До сих пор страдавший отроческой болезнью, равнодушием, — как я теперь радовался, когда меня критиковали, говорили, что все надо переделать, как я был рад учиться. Я вдруг почувствовал себя на своем месте. Я набрел на свой путь еще до того, как начал его искать. И этот путь был — перевод.

У меня не было ни тени сомнения.

30 мая 2015Перевести форму: хроника в нескольких хрониках1. Чужие в доме Мольера [4]

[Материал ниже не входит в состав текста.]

(* Let $\mathcal{C}$ be a concept class over $\{\pm1\}^n$, $\mathcal{D}$ a class of distributions closed under restrictions, and $D^\star$ a distribution that has a depth-$d$, size-$s$ subcube partition $L^\star=(\rho_1,\dots,\rho_s)$ into $\mathcal{D}$ (ordered arbitrarily). Let $A$ be a base learner that learns $\mathcal{C}$ over distributions in $\mathcal{D}$ to expected error $\le\frac{\varepsilon}{\log(1/\varepsilon)}$ with sample complexity $m$. Let \[ m_{\mathrm{train}}\ge s\cdot\frac{\log(1/\varepsilon)}{\varepsilon}\cdot\max(2m,8), \] let $f\in\mathcal{C}$, let $S_{\mathrm{train}}$ consist of $m_{\mathrm{train}}$ i.i.d. examples from $D^\star_f$, and let $\mathcal{H}$ be the random mapping $\rho\mapsto A((S_{\mathrm{train}})_\rho)$ over all restrictions $\rho$ of depth $\le d$ (randomness from $S_{\mathrm{train}}$ and $A$). Then \[ \mathbb{E}_{\mathcal{H}}\left[\mathrm{error}(L^\star\circ\mathcal{H},D^\star_f)\right]\le\frac{2\varepsilon}{\log(1/\varepsilon)}. \]
   Context: A restriction is $\rho\in\{\pm1,\star\}^n$; $x\in\rho$ means $x_i=\rho_i$ or $\rho_i=\star$ for all $i$; depth of $\rho$ = number of non-$\star$ coordinates. $D_\rho$ is $D$ conditioned on $x\in\rho$; for labeled $S$, $S_\rho=\{(x,y)\in S:x\in\rho\}$. $\mathcal{D}$ is closed under restrictions if $D\in\mathcal{D}\Rightarrow D_\rho\in\mathcal{D}$ for all $\rho$. $D_f$ is the distribution of $(x,f(x))$, $x\sim D$; $\mathrm{error}(h,P)=\Pr_{(x,y)\sim P}[h(x)\neq y]$ ($\bot$ counts as an error). $A$ learns $\mathcal{C}$ to expected error $\varepsilon'$ over $D$ with $m$ samples if for every $f\in\mathcal{C}$, given (at least) $m$ i.i.d. samples from $D_f$, its output $h$ has $\mathbb{E}[\mathrm{error}(h,D_f)]\le\varepsilon'$. $D^\star$ has a depth-$d$, size-$s$ subcube partition into $\mathcal{D}$ if there are $s$ pairwise disjoint restrictions $\rho_1,\dots,\rho_s$, each of depth $\le d$, such that every $x$ in the support of $D^\star$ lies in some $\rho_i$ and $(D^\star)_{\rho_i}\in\mathcal{D}$ for all $i$. For an ordered list $L$ of restrictions, $L\circ\mathcal{H}(x)=\mathcal{H}(\rho)(x)$ for the first $\rho\in L$ containing $x$, and $\bot$ if none does. *)

From HB Require Import structures.
From mathcomp Require Import all_boot all_order all_algebra.
From mathcomp Require Import all_classical all_reals.
From mathcomp Require Import exp.
Set Implicit Arguments. Unset Strict Implicit. Unset Printing Implicit Defensive.
Import Order.TTheory GRing.Theory Num.Theory.
Local Open Scope ring_scope.

(* Points of {+-1}^n, encoded as boolean vectors (true = +1, false = -1). *)
Definition X (n : nat) : finType := {ffun 'I_n -> bool}.
(* Restrictions rho in {+-1,*}^n: None = star, Some b = fixed value. *)
Definition Rst (n : nat) : finType := {ffun 'I_n -> option bool}.
(* Hypotheses: maps X -> {+-1} u {bot}; None = bot. *)
Definition Hyp (n : nat) : finType := {ffun X n -> option bool}.

Definition inrst n (x : X n) (rho : Rst n) : bool :=
  [forall i, if rho i is Some b then x i == b else true].

Definition depth n (rho : Rst n) : nat := #|[set i | rho i != None]|.

Section Prob.
Variable R : realType.

Definition isDist (T : finType) (P : {ffun T -> R}) : Prop :=
  (forall t, 0 <= P t) /\ \sum_t P t = 1.

Definition mass n (D : {ffun X n -> R}) (rho : Rst n) : R :=
  \sum_(x | inrst x rho) D x.

(* D_rho : D conditioned on x \in rho (meaningful when mass D rho > 0) *)
Definition cond n (D : {ffun X n -> R}) (rho : Rst n) : {ffun X n -> R} :=
  [ffun x => if inrst x rho then D x / mass D rho else 0].

Definition closed_under_restr n (Dcls : {ffun X n -> R} -> Prop) : Prop :=
  forall D rho, Dcls D -> 0 < mass D rho -> Dcls (cond D rho).

(* error(h, D_f) = Pr_{x ~ D}[h x <> f x], bot counting as an error *)
Definition err n (h : X n -> option bool) (D : {ffun X n -> R}) (f : X n -> bool) : R :=
  \sum_x D x * (h x != Some (f x))%:R.

Definition Esample n (D : {ffun X n -> R}) (k : nat) (F : k.-tuple (X n) -> R) : R :=
  \sum_(t : k.-tuple (X n)) (\prod_(x <- t) D x) * F t.
Arguments Esample : clear implicits.
Arguments Esample {n} D k F.

Definition labeled n (f : X n -> bool) (s : seq (X n)) : seq (X n * bool) :=
  [seq (x, f x) | x <- s].

Definition restr_sample n (S : seq (X n * bool)) (rho : Rst n) : seq (X n * bool) :=
  [seq p <- S | inrst p.1 rho].

(* A (randomized: output is a distribution over hypotheses) learns C to
   expected error eps' over every D in Dcls with m samples. *)
Definition learns n (C : (X n -> bool) -> Prop) (Dcls : {ffun X n -> R} -> Prop)
    (A : seq (X n * bool) -> {ffun Hyp n -> R}) (m : nat) (eps' : R) : Prop :=
  forall D, Dcls D -> forall f, C f -> forall k, (m <= k)%N ->
    Esample D k (fun t => \sum_(h : Hyp n) A (labeled f t) h * err h D f) <= eps'.

Definition subcube_partition n (Dcls : {ffun X n -> R} -> Prop)
    (Dstar : {ffun X n -> R}) (d s : nat) (L : s.-tuple (Rst n)) : Prop :=
  [/\ (forall i j : 'I_s, i != j -> forall x, ~~ (inrst x (tnth L i) && inrst x (tnth L j))),
      (forall i, (depth (tnth L i) <= d)%N),
      (forall x, 0 < Dstar x -> exists i, inrst x (tnth L i)) &
      (forall i, 0 < mass Dstar (tnth L i) -> Dcls (cond Dstar (tnth L i)))].

Definition compL n (L : seq (Rst n)) (H : Rst n -> Hyp n) (x : X n) : option bool :=
  if [seq rho <- L | inrst x rho] is rho :: _ then H rho x else None.

(* E_H[error(L o H, Dstar_f)], where S_train ~ (Dstar_f)^mtrain and
   H rho = A((S_train)_rho), with independent runs of A for distinct rho. *)
Definition expected_error n (A : seq (X n * bool) -> {ffun Hyp n -> R})
    (Dstar : {ffun X n -> R}) (f : X n -> bool) (L : seq (Rst n)) (mtrain : nat) : R :=
  Esample Dstar mtrain (fun t =>
    let S := labeled f t in
    \sum_(H : {ffun Rst n -> Hyp n})
       (\prod_(rho : Rst n) A (restr_sample S rho) (H rho)) * err (compL L H) Dstar f).

End Prob.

Так озаглавил Мишель Курно свою статью в «Монд», посвященную первому в моей жизни провалу, изумительному спектаклю по пьесе Лермонтова «Маскарад», поставленному Анатолием Васильевым в «Комеди Франсез» в мае 1992 года. Работа над спектаклем проходила в страшной спешке. Васильев впервые столкнулся с тем, как ставят пьесы в «Комеди Франсез», ему некогда было работать так, как он привык, он едва успевал, по его выражению, «разводить по местам» актеров. А актеры принимали в штыки все его попытки заняться с ними «этюдами», то есть творческими импровизациями, которые должны были им помочь решить для себя, как двигаться на сцене: они хотели, чтобы он, по примеру других, навязывал каждому его место на сцене и говорил, куда идти. А он требовал от них другого. До сих пор не могу вспоминать без волнения, как вцепился в роль Арбенина Жан-Люк Бутте… которого Васильев заставил сыграть его собственное физическое разрушение (к тому времени Жан-Люк Бутте мог ходить уже только на костылях). В начале он играл стоя, не двигался или почти не двигался, можно было подумать, что с ним все в порядке; потом мы видели, как он опирается на костыли, а в конце он появлялся в инвалидном кресле. Он сам приводил в движение это кресло, раскатывал в нем задом наперед, не глядя, между стеклянными арками декораций, с такой ловкостью, такой силой и такой змеиной гибкостью, что глаз не отвести. А Нину играла Валери Древиль, у которой вся жизнь переменилась благодаря этому спектаклю. Она каждую минуту использовала, чтобы еще чему-то научиться, и вся без остатка ушла в поиск точного сценического образа — воздушного и в то же время телесного… И Катрин Сальвиа, и Дидье Бьенэме (в 2004 году он умер совсем молодым!), и Жан Дотреме в роли Маски; в день премьеры он сыграл в последней сцене без единой репетиции, потому что дата была назначена, а во Франции премьер не откладывают. И Ришар Фонтана… он умер через два дня после этой премьеры…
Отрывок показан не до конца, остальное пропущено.